String 2a. "We're putting all of our eggs in one basket, what if it breaks?"
(Single machine failures bringing down a service.)
Solution: Implement distributed sharing as above.
String 2b. "We're putting all of our eggs in one basket, what if it breaks?"
(Data center failure due to hurricane, power failure, etc. bringing down a
service.)
Solution: Rollover to alternate datacenters. It's almost this way now
for some services - if NCBI BLAST is down we go to Genbank and vice versa.

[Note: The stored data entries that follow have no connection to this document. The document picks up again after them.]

(* Let $1\le m_1\le m$ and $0<e_0\le1$. For the problem $P_m, e_{i\le m_1,k}\ge e_0\mid\mid C_{\max}$, the LS-ECT schedule (for any list order) satisfies $$\frac{C_{\max}(\text{LS-ECT})}{C^*_{\max}}\le 1+\frac{1}{e_0}\left(\left\lfloor\frac{m-1}{m_1}\right\rfloor+1\right),$$ where $C^*_{\max}$ is the optimal makespan.
   Context: Shared-processing parallel machine scheduling: $m$ identical machines $M_1,\dots,M_m$, $n$ primary jobs available at time $0$ with processing times $p_j>0$, each processed without interruption on one machine, jobs on a machine processed one after another. The time axis of machine $M_i$ is partitioned into consecutive intervals $(0,t_{i,1}],(t_{i,1},t_{i,2}],\dots$ with sharing ratios $e_{i,k}\in(0,1]$; during the $k$-th interval $M_i$ processes primary work at rate $e_{i,k}$. In $P_m, e_{i\le m_1,k}\ge e_0\mid\mid C_{\max}$ all sharing ratios on machines $M_1,\dots,M_{m_1}$ are at least $e_0$, the ratios on the other machines are arbitrary in $(0,1]$, and the goal is to minimize the makespan $C_{\max}=\max_j C_j$. LS-ECT: given an ordered list of jobs, the jobs are scheduled one by one in list order; each job is appended after the jobs already assigned to some machine, choosing the machine on which it would complete earliest. *)

From Stdlib Require Import Reals List Permutation Arith.
From Coquelicot Require Import Coquelicot.
Import ListNotations.
Open Scope R_scope.

(* A sharing profile of a machine: the rate function r on the time axis is
   piecewise constant: there are breakpoints 0 = t 0 < t 1 < t 2 < ...
   (unbounded, so the intervals (t k, t (k+1)] partition (0, +oo)) and
   ratios e k in (0,1] with r s = e k for s in (t k, t (k+1)]. *)
Definition sharing_profile (r : R -> R) : Prop :=
  exists (t e : nat -> R),
    t O = 0 /\
    (forall k, t k < t (S k)) /\
    (forall T, exists k, T <= t k) /\
    (forall k, 0 < e k <= 1) /\
    (forall k s, t k < s <= t (S k) -> r s = e k).

(* A job with processing time p, started at time st on a machine with rate
   profile r, completes at time c: the primary work done in [st, c] is p. *)
Definition runs (r : R -> R) (st c p : R) : Prop :=
  st <= c /\ RInt r st c = p.

Definition makespan (n : nat) (C : nat -> R) : R :=
  fold_right Rmax 0 (map C (seq 0 n)).

Definition feasible (m n : nat) (r : nat -> R -> R) (p : nat -> R)
    (assign : nat -> nat) (S C : nat -> R) : Prop :=
  (forall j, (j < n)%nat ->
     (assign j < m)%nat /\ 0 <= S j /\ runs (r (assign j)) (S j) (C j) (p j)) /\
  (forall j j', (j < n)%nat -> (j' < n)%nat -> j <> j' ->
     assign j = assign j' -> C j <= S j' \/ C j' <= S j).

Definition mfinish (assign : nat -> nat) (C : nat -> R) (done_ : list nat)
    (i : nat) : R :=
  fold_right Rmax 0 (map C (filter (fun j => Nat.eqb (assign j) i) done_)).

(* (assign, S, C) is a schedule produced by LS-ECT on the list [ord]
   (with arbitrary tie-breaking): the k-th job of the list is appended after
   the jobs already assigned to some machine, namely one on which it would
   complete earliest. *)
Definition ls_ect (m : nat) (r : nat -> R -> R) (p : nat -> R)
    (ord : list nat) (assign : nat -> nat) (S C : nat -> R) : Prop :=
  forall k, (k < length ord)%nat ->
    let j := nth k ord O in
    let done_ := firstn k ord in
    (assign j < m)%nat /\
    S j = mfinish assign C done_ (assign j) /\
    runs (r (assign j)) (S j) (C j) (p j) /\
    (forall i c', (i < m)%nat ->
       runs (r i) (mfinish assign C done_ i) c' (p j) -> C j <= c').
(* Let $X$ be a connected, locally path connected space and $H\le\pi_1(X,x_0)$. Then $X$ is semilocally path $H$-connected if and only if $H$ is an open subgroup of $\pi_1^{qtop}(X,x_0)$.
   Context: $X$ is semilocally path $H$-connected if for every path $\alpha$ starting at $x_0$ there is an open neighborhood $U_\alpha$ of $\alpha(1)$ with $i_*\pi_1(U_\alpha,\alpha(1))\le[\alpha^{-1}H\alpha]$, where $[\alpha^{-1}H\alpha]=\{[\alpha^{-1}*\gamma*\alpha]:[\gamma]\in H\}\le\pi_1(X,\alpha(1))$ and $i$ is inclusion. $\pi_1^{qtop}(X,x_0)$ is $\pi_1(X,x_0)$ with the quotient topology induced from the compact-open topology on the space of loops at $x_0$. *)

From Stdlib Require Import Reals Rtopology List.
Open Scope R_scope.

Definition is_topology {X : Type} (op : (X -> Prop) -> Prop) : Prop :=
  op (fun _ => True) /\
  (forall U V, op U -> op V -> op (fun x => U x /\ V x)) /\
  (forall F : (X -> Prop) -> Prop, (forall U, F U -> op U) ->
      op (fun x => exists U, F U /\ U x)).

Definition inI (t : R) : Prop := 0 <= t <= 1.

(** A path in X is a function R -> X continuous on [0,1] (values outside
    [0,1] are irrelevant); continuity uses the subspace topology of [0,1]. *)
Definition is_path {X : Type} (op : (X -> Prop) -> Prop) (p : R -> X) : Prop :=
  forall V, op V -> forall t, inI t -> V (p t) ->
    exists eps, eps > 0 /\ forall s, inI s -> Rabs (s - t) < eps -> V (p s).

Definition path_in {X : Type} (op : (X -> Prop) -> Prop) (U : X -> Prop)
  (p : R -> X) : Prop := is_path op p /\ forall t, inI t -> U (p t).

Definition is_loop {X : Type} (op : (X -> Prop) -> Prop) (x : X) (p : R -> X)
  : Prop := is_path op p /\ p 0 = x /\ p 1 = x.

Definition pconcat {X : Type} (p q : R -> X) : R -> X :=
  fun t => if Rle_dec t (1/2) then p (2 * t) else q (2 * t - 1).
Definition prev {X : Type} (p : R -> X) : R -> X := fun t => p (1 - t).
Definition pconst {X : Type} (x : X) : R -> X := fun _ => x.

Definition path_homotopic {X : Type} (op : (X -> Prop) -> Prop)
  (p q : R -> X) : Prop :=
  exists F : R -> R -> X,
    (forall V, op V -> forall s t, inI s -> inI t -> V (F s t) ->
       exists eps, eps > 0 /\ forall s' t', inI s' -> inI t' ->
         Rabs (s' - s) < eps -> Rabs (t' - t) < eps -> V (F s' t')) /\
    (forall s, inI s -> F s 0 = p s /\ F s 1 = q s) /\
    (forall t, inI t -> F 0 t = p 0 /\ F 1 t = p 1).
(* Let $\mathscr{B}$ be a $\mathscr{V}$-category with $\mathscr{V}$-kernel-pairs. Then (1) $\mathsf{StrMono}_\mathscr{V}\mathscr{B}=(\mathsf{Epi}_\mathscr{V}\mathscr{B})^{\downarrow_\mathscr{V}}$; (2) if $\mathscr{B}$ also has $\mathscr{V}$-cokernel-pairs, then $\mathsf{Epi}_\mathscr{V}\mathscr{B}=(\mathsf{StrMono}_\mathscr{V}\mathscr{B})^{\uparrow_\mathscr{V}}$.
   Context: $\mathscr{V}$ is a closed symmetric monoidal category. $\mathsf{Mono}_\mathscr{V}\mathscr{B}$: morphisms $m$ with $\mathscr{B}(A,m)$ mono in $\mathscr{V}$ for all $A$; $\mathsf{Epi}_\mathscr{V}\mathscr{B}$: morphisms $e$ with $\mathscr{B}(e,C)$ mono in $\mathscr{V}$ for all $C$. $\mathscr{V}$-kernel-pairs are kernel pairs preserved by all $\mathscr{B}(A,-):\mathscr{B}\to\mathscr{V}$; $\mathscr{V}$-cokernel-pairs are $\mathscr{V}$-kernel-pairs in $\mathscr{B}^{op}$. For $e:A_1\to A_2$, $m:B_1\to B_2$, $e\downarrow_\mathscr{V} m$ means the square formed by $\mathscr{B}(A_2,m)$, $\mathscr{B}(A_1,m)$, $\mathscr{B}(e,B_1)$, $\mathscr{B}(e,B_2)$ is a pullback in $\mathscr{V}$. $\mathscr{E}^{\downarrow_\mathscr{V}}=\{m:\ e\downarrow_\mathscr{V} m\ \forall e\in\mathscr{E}\}$, $\mathscr{M}^{\uparrow_\mathscr{V}}=\{e:\ e\downarrow_\mathscr{V} m\ \forall m\in\mathscr{M}\}$. $\mathsf{StrMono}_\mathscr{V}\mathscr{B}:=(\mathsf{Epi}_\mathscr{V}\mathscr{B})^{\downarrow_\mathscr{V}}\cap\mathsf{Mono}_\mathscr{V}\mathscr{B}$ ($\mathscr{V}$-strong-monos). *)

Set Implicit Arguments.
Unset Strict Implicit.

Record Category := {
  Ob :> Type;
  Hom : Ob -> Ob -> Type;
  cmp : forall a b c, Hom b c -> Hom a b -> Hom a c;
  idn : forall a, Hom a a;
  cmp_idl : forall a b (f : Hom a b), cmp (idn b) f = f;
  cmp_idr : forall a b (f : Hom a b), cmp f (idn a) = f;
  cmp_assoc : forall a b c d (h : Hom c d) (g : Hom b c) (f : Hom a b),
      cmp h (cmp g f) = cmp (cmp h g) f }.
Arguments Hom {C} a b : rename.
Arguments cmp {C a b c} g f : rename.
Arguments idn {C} a : rename.

Notation "g ∘ f" := (cmp g f) (at level 40, left associativity).

Definition mono {C : Category} {a b : C} (f : Hom a b) : Prop :=
  forall x (u v : Hom x a), f ∘ u = f ∘ v -> u = v.

Definition is_pullback {C : Category} {P X Y Z : C}
  (f : Hom X Z) (g : Hom Y Z) (p1 : Hom P X) (p2 : Hom P Y) : Prop :=
  f ∘ p1 = g ∘ p2 /\
  forall T (u : Hom T X) (v : Hom T Y), f ∘ u = g ∘ v ->
    exists! w : Hom T P, p1 ∘ w = u /\ p2 ∘ w = v.

Record ClosedSymMonoidal (V : Category) := {
  tns : V -> V -> V;
  tnsh : forall a b c d, Hom a b -> Hom c d -> Hom (tns a c) (tns b d);
  tnsh_id : forall a c, tnsh (idn a) (idn c) = idn (tns a c);
  tnsh_cmp : forall a b e c d f (g1 : Hom b e) (g2 : Hom a b)
      (h1 : Hom d f) (h2 : Hom c d),
      tnsh (g1 ∘ g2) (h1 ∘ h2) = tnsh g1 h1 ∘ tnsh g2 h2;
  unt : V;
  asc : forall a b c, Hom (tns (tns a b) c) (tns a (tns b c));
  asc_inv : forall a b c, Hom (tns a (tns b c)) (tns (tns a b) c);
  asc_iso1 : forall a b c, asc_inv a b c ∘ asc a b c = idn _;
  asc_iso2 : forall a b c, asc a b c ∘ asc_inv a b c = idn _;
  asc_nat : forall a1 a2 a3 b1 b2 b3 (f : Hom a1 b1) (g : Hom a2 b2)
      (h : Hom a3 b3),
      asc b1 b2 b3 ∘ tnsh (tnsh f g) h = tnsh f (tnsh g h) ∘ asc a1 a2 a3;
  lu : forall a, Hom (tns unt a) a;
  lu_inv : forall a, Hom a (tns unt a);
  lu_iso1 : forall a, lu_inv a ∘ lu a = idn _;
  lu_iso2 : forall a, lu a ∘ lu_inv a = idn _;
  lu_nat : forall a b (f : Hom a b), lu b ∘ tnsh (idn unt) f = f ∘ lu a;
  ru : forall a, Hom (tns a unt) a;
  ru_inv : forall a, Hom a (tns a unt);
  ru_iso1 : forall a, ru_inv a ∘ ru a = idn _;
  ru_iso2 : forall a, ru a ∘ ru_inv a = idn _;
  ru_nat : forall a b (f : Hom a b), ru b ∘ tnsh f (idn unt) = f ∘ ru a;
  pentagon : forall a b c d,
      asc a b (tns c d) ∘ asc (tns a b) c d
      = tnsh (idn a) (asc b c d) ∘ asc a (tns b c) d ∘ tnsh (asc a b c) (idn d);
  triangle : forall a b,
      tnsh (idn a) (lu b) ∘ asc a unt b = tnsh (ru a) (idn b);
  sym : forall a b, Hom (tns a b) (tns b a);
  sym_nat : forall a1 a2 b1 b2 (f : Hom a1 b1) (g : Hom a2 b2),
      sym b1 b2 ∘ tnsh f g = tnsh g f ∘ sym a1 a2;
  sym_invol : forall a b, sym b a ∘ sym a b = idn _;
  hexagon : forall a b c,
      asc b c a ∘ sym a (tns b c) ∘ asc a b c
      = tnsh (idn b) (sym a c) ∘ asc b a c ∘ tnsh (sym a b) (idn c);
  (* closedness: each (- ⊗ b) has a right adjoint [b, -] *)
  ihom : V -> V -> V;
  ev : forall b c, Hom (tns (ihom b c) b) c;
  ev_univ : forall a b c (f : Hom (tns a b) c),
      exists! g : Hom a (ihom b c), ev b c ∘ tnsh g (idn b) = f }.
Arguments tns {V} M a b : rename.
Arguments tnsh {V} M {a b c d} f g : rename.
Arguments unt {V} M : rename.
Arguments asc {V} M a b c : rename.
Arguments lu {V} M a : rename.
Arguments lu_inv {V} M a : rename.
Arguments ru {V} M a : rename.
Arguments ru_inv {V} M a : rename.

Record VCategory (V : Category) (M : ClosedSymMonoidal V) := {
  vob :> Type;
  vhom : vob -> vob -> V;
  vcomp : forall a b c, Hom (tns M (vhom b c) (vhom a b)) (vhom a c);
  vid : forall a, Hom (unt M) (vhom a a);
  vassoc : forall a b c d,
      vcomp a b d ∘ tnsh M (vcomp b c d) (idn (vhom a b))
      = vcomp a c d ∘ tnsh M (idn (vhom c d)) (vcomp a b c)
        ∘ asc M (vhom c d) (vhom b c) (vhom a b);
  vunitl : forall a b, vcomp a b b ∘ tnsh M (vid b) (idn (vhom a b)) = lu M (vhom a b);
  vunitr : forall a b, vcomp a a b ∘ tnsh M (idn (vhom a b)) (vid a) = ru M (vhom a b) }.
Arguments vhom {V M} B a b : rename.
Arguments vcomp {V M} B a b c : rename.
Arguments vid {V M} B a : rename.

Section VNotions.
Context {V : Category} {M : ClosedSymMonoidal V} (B : VCategory M).

(* morphisms of the underlying ordinary category B_0 *)
Definition uhom (a b : B) : Type := Hom (unt M) (vhom B a b).

Definition ucomp {a b c : B} (g : uhom b c) (f : uhom a b) : uhom a c :=
  vcomp B a b c ∘ tnsh M g f ∘ lu_inv M (unt M).

Definition postc (A : B) {b1 b2 : B} (m : uhom b1 b2)
  : Hom (vhom B A b1) (vhom B A b2) :=
  vcomp B A b1 b2 ∘ tnsh M m (idn _) ∘ lu_inv M (vhom B A b1).

Definition prec {a1 a2 : B} (e : uhom a1 a2) (C : B)
  : Hom (vhom B a2 C) (vhom B a1 C) :=
  vcomp B a1 a2 C ∘ tnsh M (idn _) e ∘ ru_inv M (vhom B a2 C).

Definition MorClass := forall a b : B, uhom a b -> Prop.

Definition MonoV : MorClass := fun b1 b2 m => forall A : B, mono (postc A m).
Definition EpiV : MorClass := fun c1 c2 e => forall C : B, mono (prec e C).

Definition ukernel_pair {k b1 b2 : B} (m : uhom b1 b2) (p1 p2 : uhom k b1) : Prop :=
  ucomp m p1 = ucomp m p2 /\
  forall x (u v : uhom x b1), ucomp m u = ucomp m v ->
    exists! w : uhom x k, ucomp p1 w = u /\ ucomp p2 w = v.

Definition Vkernel_pair {k b1 b2 : B} (m : uhom b1 b2) (p1 p2 : uhom k b1) : Prop :=
  ukernel_pair m p1 p2 /\
  forall A : B, is_pullback (postc A m) (postc A m) (postc A p1) (postc A p2).

Definition has_Vkernel_pairs : Prop :=
  forall (b1 b2 : B) (m : uhom b1 b2),
    exists (k : B) (p1 p2 : uhom k b1), Vkernel_pair m p1 p2.

Definition ucokernel_pair {a1 a2 q : B} (e : uhom a1 a2) (i1 i2 : uhom a2 q) : Prop :=
  ucomp i1 e = ucomp i2 e /\
  forall x (u v : uhom a2 x), ucomp u e = ucomp v e ->
    exists! w : uhom q x, ucomp w i1 = u /\ ucomp w i2 = v.

(* V-cokernel-pair = V-kernel-pair in B^op, written out: a cokernel pair
   preserved by every B^op(C,-) = B(-,C) *)
Definition Vcokernel_pair {a1 a2 q : B} (e : uhom a1 a2) (i1 i2 : uhom a2 q) : Prop :=
  ucokernel_pair e i1 i2 /\
  forall C : B, is_pullback (prec e C) (prec e C) (prec i1 C) (prec i2 C).

Definition has_Vcokernel_pairs : Prop :=
  forall (a1 a2 : B) (e : uhom a1 a2),
    exists (q : B) (i1 i2 : uhom a2 q), Vcokernel_pair e i1 i2.

(* e ↓_V m : the square
      B(A2,B1) --B(A2,m)--> B(A2,B2)
         |B(e,B1)               |B(e,B2)
      B(A1,B1) --B(A1,m)--> B(A1,B2)
   is a pullback in V *)
Definition orthV {a1 a2 b1 b2 : B} (e : uhom a1 a2) (m : uhom b1 b2) : Prop :=
  is_pullback (postc a1 m) (prec e b2) (prec e b1) (postc a2 m).

Definition rorth (E : MorClass) : MorClass :=
  fun b1 b2 m => forall a1 a2 (e : uhom a1 a2), E a1 a2 e -> orthV e m.
Definition lorth (Mc : MorClass) : MorClass :=
  fun a1 a2 e => forall b1 b2 (m : uhom b1 b2), Mc b1 b2 m -> orthV e m.

Definition StrMonoV : MorClass :=
  fun b1 b2 m => @rorth EpiV b1 b2 m /\ @MonoV b1 b2 m.

End VNotions.

Arguments uhom {V M} B.
Arguments MonoV {V M} B.
Arguments EpiV {V M} B.
Arguments StrMonoV {V M} B.
Arguments rorth {V M} B.
Arguments lorth {V M} B.
Arguments has_Vkernel_pairs {V M} B.
Arguments has_Vcokernel_pairs {V M} B.


(* For (1), let m be right V-orthogonal to every V-epi and (p1, p2) its V-kernel pair.
   The diagonal δ splits p1, so p1 is a V-epi and p1 ↓ m; the square m p2 = m p1 then yields a
   filler d with d p1 = p2, and d = d p1 δ = p2 δ = 1 gives p1 = p2, so m is a V-mono because
   B(A,-) preserves the kernel pair.  For (2), dually, the first leg i1 of the V-cokernel pair
   of e is split by the codiagonal; split monos are V-strong-monos, so e ↓ i1 forces i1 = i2,
   and e is a V-epi because B(-,C) preserves the cokernel pair. *)

Section CategoryFacts.
Context {C : Category}.

Lemma whisker2 {a b c x : C} (f : Hom a b) (g : Hom b c) (r : Hom a c) (X : Hom c x) :
  g ∘ f = r -> X ∘ g ∘ f = X ∘ r.
Proof. intros H; rewrite <- cmp_assoc, H; reflexivity. Qed.

Lemma whisker3 {a b c d x : C} (f : Hom a b) (g : Hom b c) (h : Hom c d) (r : Hom a d)
  (X : Hom d x) : h ∘ g ∘ f = r -> X ∘ h ∘ g ∘ f = X ∘ r.
Proof. intros H; rewrite <- H, !cmp_assoc; reflexivity. Qed.

Lemma whisker4 {a b c d e x : C} (f : Hom a b) (g : Hom b c) (h : Hom c d) (k : Hom d e)
  (r : Hom a e) (X : Hom e x) : k ∘ h ∘ g ∘ f = r -> X ∘ k ∘ h ∘ g ∘ f = X ∘ r.
Proof. intros H; rewrite <- H, !cmp_assoc; reflexivity. Qed.

Lemma retraction_mono {a b : C} (i : Hom a b) (j : Hom b a) : j ∘ i = idn a -> mono i.
Proof.
  intros H x f g E.
  rewrite <- (cmp_idl f), <- (cmp_idl g), <- H, <- !cmp_assoc, E; reflexivity.
Qed.

Lemma section_cancel {a b c : C} (i : Hom a b) (j : Hom b a) (f g : Hom b c) :
  i ∘ j = idn b -> f ∘ i = g ∘ i -> f = g.
Proof.
  intros H E. rewrite <- (cmp_idr f), <- (cmp_idr g), <- H, !cmp_assoc, E; reflexivity.
Qed.

Lemma mono_of_pullback_diag {P X Z : C} {f : Hom X Z} {p : Hom P X} :
  is_pullback f f p p -> mono f.
Proof.
  intros [_ Hu] T u v Huv. destruct (Hu T u v Huv) as (w & [<- <-] & _). reflexivity.
Qed.

(* The filler of [f u = g v] is [r2 v]; [g] being mono is what makes it a filler for [v]. *)
Lemma is_pullback_of_retractions {P X Y Z : C} (f : Hom X Z) (g : Hom Y Z)
  (p1 : Hom P X) (p2 : Hom P Y) (r1 : Hom Z X) (r2 : Hom Y P) :
  f ∘ p1 = g ∘ p2 -> r1 ∘ f = idn X -> r2 ∘ p2 = idn P -> p1 ∘ r2 = r1 ∘ g -> mono g ->
  is_pullback f g p1 p2.
Proof.
  intros Hsq Hr1 Hr2 Hnat Hg. split; [exact Hsq |].
  intros T u v Huv. exists (r2 ∘ v). split; [split |].
  - rewrite cmp_assoc, Hnat, <- cmp_assoc, <- Huv, cmp_assoc, Hr1, cmp_idl. reflexivity.
  - apply Hg. rewrite cmp_assoc, <- Hsq, <- (cmp_assoc f p1), (cmp_assoc p1 r2 v), Hnat.
    rewrite <- (cmp_assoc r1 g v), <- Huv, (cmp_assoc r1 f u), Hr1, cmp_idl. reflexivity.
  - intros w [_ <-]. rewrite cmp_assoc, Hr2, cmp_idl. reflexivity.
Qed.

End CategoryFacts.

Ltac left_assoc := repeat rewrite cmp_assoc.

(* Rewrites with [L : g ∘ f = r] where [g ∘ f] is a trailing segment of a left-associated
   composite, in which it does not occur syntactically. *)
Ltac rewrite_suffix L :=
  first [ rewrite L | rewrite (whisker4 _ _ _ _ _ _ L) | rewrite (whisker3 _ _ _ _ _ L)
        | rewrite (whisker2 _ _ _ _ L) ]; left_assoc.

Distributed processing helps out here too. For instance, a large
VAXcluster can be physically located at multiple datacenters and it will
not fail even if several of the datacenters go down. If the service under
discussion can go away for a couple of hours, then it would also be
possible to contract with one of the (many) disaster recovery companies, or
even a big lab, for a backup site.
On a separate note, I'm not a big fan of CD-rom distributions because:
1. Either you need as many drives as you've got databases, or you have
to load it all onto a different disk anyway, or you have to swap CD-
roms all the time.
2. The disk production costs are too high. Send it out on 8 mm tape and
you can probably get the per unit cost down to $20 or so (plus we can
reuse the tapes). Sure we'd have to buy 8 mm tape drives and disks big
enough to hold the data, but at least we'd get a backup method and
flexibility for future changes.
3. Isn't the data capacity of CD-roms about 600 Mb? When we get there
in a few years are we going to have multivolume CD-rom sets?
4. I'm worried about CD-rom format incompatibilities.
My preferred solution: distribute database releases as difference sets.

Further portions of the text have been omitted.